At some point, when you're traveling with your family, manners go out the window.  Locked together in a car and a hotel room long enough, all the trappings of civilization will melt away and a family of four can, and will try to destroy itself with its own flatulence.

After about a half an hour, the battle began in earnest.  My mother, horrified that we were so rude, tried to ignore us until it became obvious that Brother and I were NOT going to sleep any time soon.  She then booted Brother out of bed with Dad, and moved in with him.  Yeah, like he smelled better.  At least he was by the window, which he cracked open a bit so that unsuspecting early risers could get a whiff of the toxic air that filled our room.

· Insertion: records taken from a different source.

Definition Czero : Cx := mkC 0 0.
Definition Cone : Cx := mkC 1 0.
Definition Ci : Cx := mkC 0 1.
Definition RtoC (a : R) : Cx := mkC a 0.
Definition Cadd (a b : Cx) : Cx := mkC (re a + re b) (im a + im b).
Definition Copp (a : Cx) : Cx := mkC (- re a) (- im a).
Definition Csub (a b : Cx) : Cx := Cadd a (Copp b).
Definition Cmul (a b : Cx) : Cx :=
  mkC (re a * re b - im a * im b) (re a * im b + im a * re b).
Definition Cconj (a : Cx) : Cx := mkC (re a) (- im a).
Definition Cnorm (a : Cx) : R := sqrt (re a * re a + im a * im a).
Definition Cinv (a : Cx) : Cx :=
  let d := re a * re a + im a * im a in mkC (re a / d) (- im a / d).
Definition Cdiv (a b : Cx) : Cx := Cmul a (Cinv b).
Fixpoint Cpow (a : Cx) (n : nat) : Cx :=
  match n with O => Cone | S k => Cmul a (Cpow a k) end.
Definition Cexpi (th : R) : Cx := mkC (cos th) (sin th).

Fixpoint Csum_upto (f : nat -> Cx) (n : nat) : Cx :=
  match n with O => f O | S k => Cadd (Csum_upto f k) (f (S k)) end.

Definition Cinfinite_sum (a : nat -> Cx) (l : Cx) : Prop :=
  infinite_sum (fun m => re (a m)) (re l) /\ infinite_sum (fun m => im (a m)) (im l).

Definition Cderiv_at (f f' : R -> Cx) (s : R) : Prop :=
  derivable_pt_lim (fun u => re (f u)) s (re (f' s)) /\
  derivable_pt_lim (fun u => im (f u)) s (im (f' s)).

Definition Ccont_at (f : R -> Cx) (s : R) : Prop :=
  continuity_pt (fun u => re (f u)) s /\ continuity_pt (fun u => im (f u)) s.

(* d/dt ln x_+ = x_+' / x_+ ;  upsilon = Re, omega = Im, eta = omega - i upsilon *)
Definition logder (x x1 : R -> Cx) (s : R) : Cx := Cdiv (x1 s) (x s).
Definition upsilon (x x1 : R -> Cx) (s : R) : R := re (logder x x1 s).
Definition omega (x x1 : R -> Cx) (s : R) : R := im (logder x x1 s).
Definition eta (x x1 : R -> Cx) (s : R) : Cx :=
  mkC (omega x x1 s) (- upsilon x x1 s).

Definition loc_sig (x x1 : R -> Cx) (t : R) (tau : R) : Cx :=
  Cmul (x (t + tau)) (Cexpi (- (omega x x1 t * tau))).

(* rho~_n(t) from the n-th tau-derivative value g_n(0) *)
Definition rho_of (x x1 : R -> Cx) (t : R) (n : nat) (gn0 : Cx) : Cx :=
  Cdiv gn0 (Cmul (RtoC (omega x x1 t ^ n)) (x t)).

Definition rho_seq (r1 r2 r3 : Cx) (n : nat) : Cx :=
  match n with O => Cone | 1%nat => r1 | 2%nat => r2 | _ => r3 end.

Definition Fterm (w : nat -> Cx) (r1 r2 r3 : Cx) (z : R) (m n p : nat) : Cx :=
  Cmul (Cmul (Cmul (Cpow (Copp Ci) n)
                   (RtoC (/ (INR (fact (n - p)) * INR (fact p) * INR (fact m)))))
             (Cmul (Cconj (w (m + n)%nat)) (rho_seq r1 r2 r3 n)))
       (RtoC (z ^ (m + p))).

Definition Finner (w : nat -> Cx) (r1 r2 r3 : Cx) (z : R) (m : nat) : Cx :=
  Csum_upto (fun n => Csum_upto (fun p => Fterm w r1 r2 r3 z m n p) n) 3.

Definition Finner_abs (w : nat -> Cx) (r1 r2 r3 : Cx) (z : R) (m : nat) : R :=
  sum_f_R0 (fun n => sum_f_R0 (fun p => Cnorm (Fterm w r1 r2 r3 z m n p)) n) 3.

Definition Fmain (w : nat -> Cx) (r1 r2 r3 : Cx) (z : R) : Cx :=
  Cadd (Cadd
    (Cmul (Cmul (Cmul (Copp Ci) (RtoC z)) r1) (Cconj (w 2%nat)))
    (Copp (Cmul (RtoC z)
       (Csub (Cmul r2 (Cadd (Cconj (w 2%nat)) (Cmul (RtoC (1/2)) (Cconj (w 3%nat)))))
             (Cmul (Cmul (Cmul Ci (RtoC (1/6))) r3) (Cconj (w 4%nat)))))))
    (Cmul (RtoC (1/2 * z ^ 2)) (Cconj (w 2%nat))).

From Stdlib Require Import Reals Factorial Lra Lia Psatz List.
Open Scope R_scope.

(** Writing [h(tau) = x_+(t+tau) e^{-i omega(t) tau}], its
      logarithmic derivative is [M(tau) = i eta(t+tau) - i omega(t)], with
      [M(0) = upsilon(t)].  A general Leibniz computation ([logderiv_chain])
      expresses [h', h'', h'''] at [0] through [M, M', M''], which yields closed
      forms for [rho~_1, rho~_2, rho~_3]; the stability conditions then give
      [|rho~_n| <= 5 delta^n] ([rho_bounds]).

    With [s = sqrt delta], each summand of [F] is bounded by
      [(m+n)!/m! 5 C^(m+p) s^e] ([Fterm_bound]).  For [m >= 3] these bounds
      decay geometrically with ratio [7/8], so the series converges absolutely
      and its tail is [O(s^8)] ([dominated_series], [Finner_abs_tail]).  Among the
      summands with [m <= 2], those with [m + p = 0] cancel against [F(0)], five
      form the main part, and the remaining 21 are each [O(s^8)]
      ([head_decomposition], [remainder_bound]).  Since [s^8 = delta^4], the
      theorem follows. *)

Lemma Cx_eq (a b : Cx) : re a = re b -> im a = im b -> a = b.
Proof. destruct a, b; simpl; intros -> ->; reflexivity. Qed.

Lemma Cnorm_ge0 (a : Cx) : 0 <= Cnorm a.
Proof. apply sqrt_pos. Qed.

Lemma Cnorm_sq (a : Cx) : Cnorm a * Cnorm a = re a * re a + im a * im a.
Proof. apply sqrt_sqrt; nra. Qed.

Lemma Cnorm_le_sq (a : Cx) (b : R) :
  0 <= b -> re a * re a + im a * im a <= b * b -> Cnorm a <= b.
Proof. intros Hb H. pose proof (Cnorm_ge0 a). pose proof (Cnorm_sq a). nra. Qed.

Lemma re_le (a : Cx) : Rabs (re a) <= Cnorm a.
Proof.
  pose proof (Cnorm_ge0 a); pose proof (Cnorm_sq a). apply Rabs_le; split; nra.
Qed.

Lemma im_le (a : Cx) : Rabs (im a) <= Cnorm a.
Proof.
  pose proof (Cnorm_ge0 a); pose proof (Cnorm_sq a). apply Rabs_le; split; nra.
Qed.

Lemma Cnorm_le_reim (a : Cx) : Cnorm a <= Rabs (re a) + Rabs (im a).
Proof.
  pose proof (Rabs_pos (re a)); pose proof (Rabs_pos (im a)).
  apply Cnorm_le_sq; [lra|].
  pose proof (Rsqr_abs (re a)); pose proof (Rsqr_abs (im a)). unfold Rsqr in *. nra.
Qed.

(* Triangle inequality, via Cauchy-Schwarz for the real inner product. *)
Lemma Cnorm_add (a b : Cx) : Cnorm (Cadd a b) <= Cnorm a + Cnorm b.
Proof.
  pose proof (Cnorm_ge0 a); pose proof (Cnorm_ge0 b).
  pose proof (Cnorm_sq a); pose proof (Cnorm_sq b).
  assert (Hcs : re a * re b + im a * im b <= Cnorm a * Cnorm b).
  { assert (Hsq : (re a * re b + im a * im b) * (re a * re b + im a * im b)
                  <= (Cnorm a * Cnorm b) * (Cnorm a * Cnorm b)).
    { replace ((Cnorm a * Cnorm b) * (Cnorm a * Cnorm b))
        with ((Cnorm a * Cnorm a) * (Cnorm b * Cnorm b)) by ring.
      rewrite H1, H2. pose proof (Rle_0_sqr (re a * im b - im a * re b)).
      unfold Rsqr in *; nra. }
    assert (0 <= Cnorm a * Cnorm b) by nra.
    destruct (Rle_lt_dec (re a * re b + im a * im b) (Cnorm a * Cnorm b)); [auto | nra]. }
  apply Cnorm_le_sq; [lra|]. simpl. nra.
Qed.

Lemma Cnorm_mul (a b : Cx) : Cnorm (Cmul a b) = Cnorm a * Cnorm b.
Proof. unfold Cnorm. rewrite <- sqrt_mult by nra. f_equal. simpl. ring. Qed.

Lemma Cnorm_conj (a : Cx) : Cnorm (Cconj a) = Cnorm a.
Proof. unfold Cnorm; simpl; f_equal; ring. Qed.

Lemma Cnorm_RtoC (r : R) : Cnorm (RtoC r) = Rabs r.
Proof. unfold Cnorm; simpl. rewrite Rmult_0_l, Rplus_0_r. apply sqrt_Rsqr_abs. Qed.

Lemma Cnorm_Czero : Cnorm Czero = 0.
Proof. unfold Cnorm; simpl. transitivity (sqrt 0); [f_equal; ring | apply sqrt_0]. Qed.

Lemma Cnorm_Cone : Cnorm Cone = 1.
Proof. unfold Cnorm; simpl. transitivity (sqrt 1); [f_equal; ring | apply sqrt_1]. Qed.

Lemma Cnorm_Ci : Cnorm Ci = 1.
Proof. unfold Cnorm; simpl. transitivity (sqrt 1); [f_equal; ring | apply sqrt_1]. Qed.

Lemma Cnorm_mi : Cnorm (Copp Ci) = 1.
Proof. unfold Cnorm; simpl. transitivity (sqrt 1); [f_equal; ring | apply sqrt_1]. Qed.

Lemma Cnorm_pow (a : Cx) (n : nat) : Cnorm (Cpow a n) = Cnorm a ^ n.
Proof. induction n; simpl; [apply Cnorm_Cone | rewrite Cnorm_mul, IHn; reflexivity]. Qed.

Lemma Csum_upto_norm (f : nat -> Cx) (N : nat) :
  Cnorm (Csum_upto f N) <= sum_f_R0 (fun i => Cnorm (f i)) N.
Proof. induction N; simpl; [lra|]. eapply Rle_trans; [apply Cnorm_add | lra]. Qed.

Lemma Cnonzero (a : Cx) : a <> Czero -> re a * re a + im a * im a <> 0.
Proof. intros H H0. apply H. apply Cx_eq; simpl; nra. Qed.

Lemma Cdiv_mul_r (q d n : Cx) : d <> Czero -> Cmul q d = n -> Cdiv n d = q.
Proof.
  intros Hd <-. pose proof (Cnonzero _ Hd).
  unfold Cdiv, Cinv, Cmul. apply Cx_eq; simpl; field; auto.
Qed.

Lemma Rabs_le_between (x y : R) : Rabs x <= y -> - y <= x <= y.
Proof. intros H. pose proof (Rle_abs x); pose proof (Rle_abs (- x)). rewrite Rabs_Ropp in *. lra. Qed.

Lemma Cderiv_ext_value (f f' g' : R -> Cx) (s : R) :
  Cderiv_at f f' s -> f' s = g' s -> Cderiv_at f g' s.
Proof. unfold Cderiv_at; intros H E; rewrite <- E; exact H. Qed.

Lemma dpl_eq (f : R -> R) (x l l' : R) :
  derivable_pt_lim f x l -> l = l' -> derivable_pt_lim f x l'.
Proof. intros H ->; exact H. Qed.

Lemma dpl_local (f g : R -> R) (x l : R) :
  (exists r, 0 < r /\ forall u, Rabs (u - x) < r -> f u = g u) ->
  derivable_pt_lim f x l -> derivable_pt_lim g x l.
Proof.
  intros [r [Hr Heq]] H eps Heps.
  destruct (H eps Heps) as [d Hd].
  assert (Hm : 0 < Rmin d r) by (apply Rmin_pos; [apply cond_pos | lra]).
  exists (mkposreal _ Hm). intros h Hh Hlt. simpl in Hlt.
  rewrite <- !Heq.
  - apply Hd; auto. eapply Rlt_le_trans; [exact Hlt | apply Rmin_l].
  - rewrite Rminus_diag, Rabs_R0; lra.
  - replace (x + h - x) with h by ring. eapply Rlt_le_trans; [exact Hlt | apply Rmin_r].
Qed.

Lemma Cderiv_local (f g h : R -> Cx) (s : R) :
  (exists r, 0 < r /\ forall u, Rabs (u - s) < r -> f u = g u) ->
  Cderiv_at f h s -> Cderiv_at g h s.
Proof.
  intros [r [Hr Heq]] [H1 H2]; split; eapply dpl_local; eauto;
    exists r; split; auto; intros u Hu; rewrite Heq; auto.
Qed.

Did I mention it was December?

So mom's howling for us to stop farting and be quiet and go back to sleep.  Meanwhile Brother and I cannot stop laughing and farting and farting and laughing. 

Go ahead...try not to get gassy at the thought of these guys.  Can't do it, can you?
At 5 AM the local TV channel comes back on the air.  The only show on, and I'm NOT making this up, was the Three Stooges.

NOTHING fuels a forceful flatulent free for all quite like an hour or two of the Three Stooges. 

I haven't been back to Kankakee since that trip.  But I cannot look at a prune even now, all these years later, without thinking about that nasty hotel room and farting with my brother in the early hours of the morning.

And that was only day one of that trip!


  1. He he he...

    Which just adds fuel to my thought that a vacation with kids is not a vacation.

  2. And we were older. J and I were in our late teens! LOL!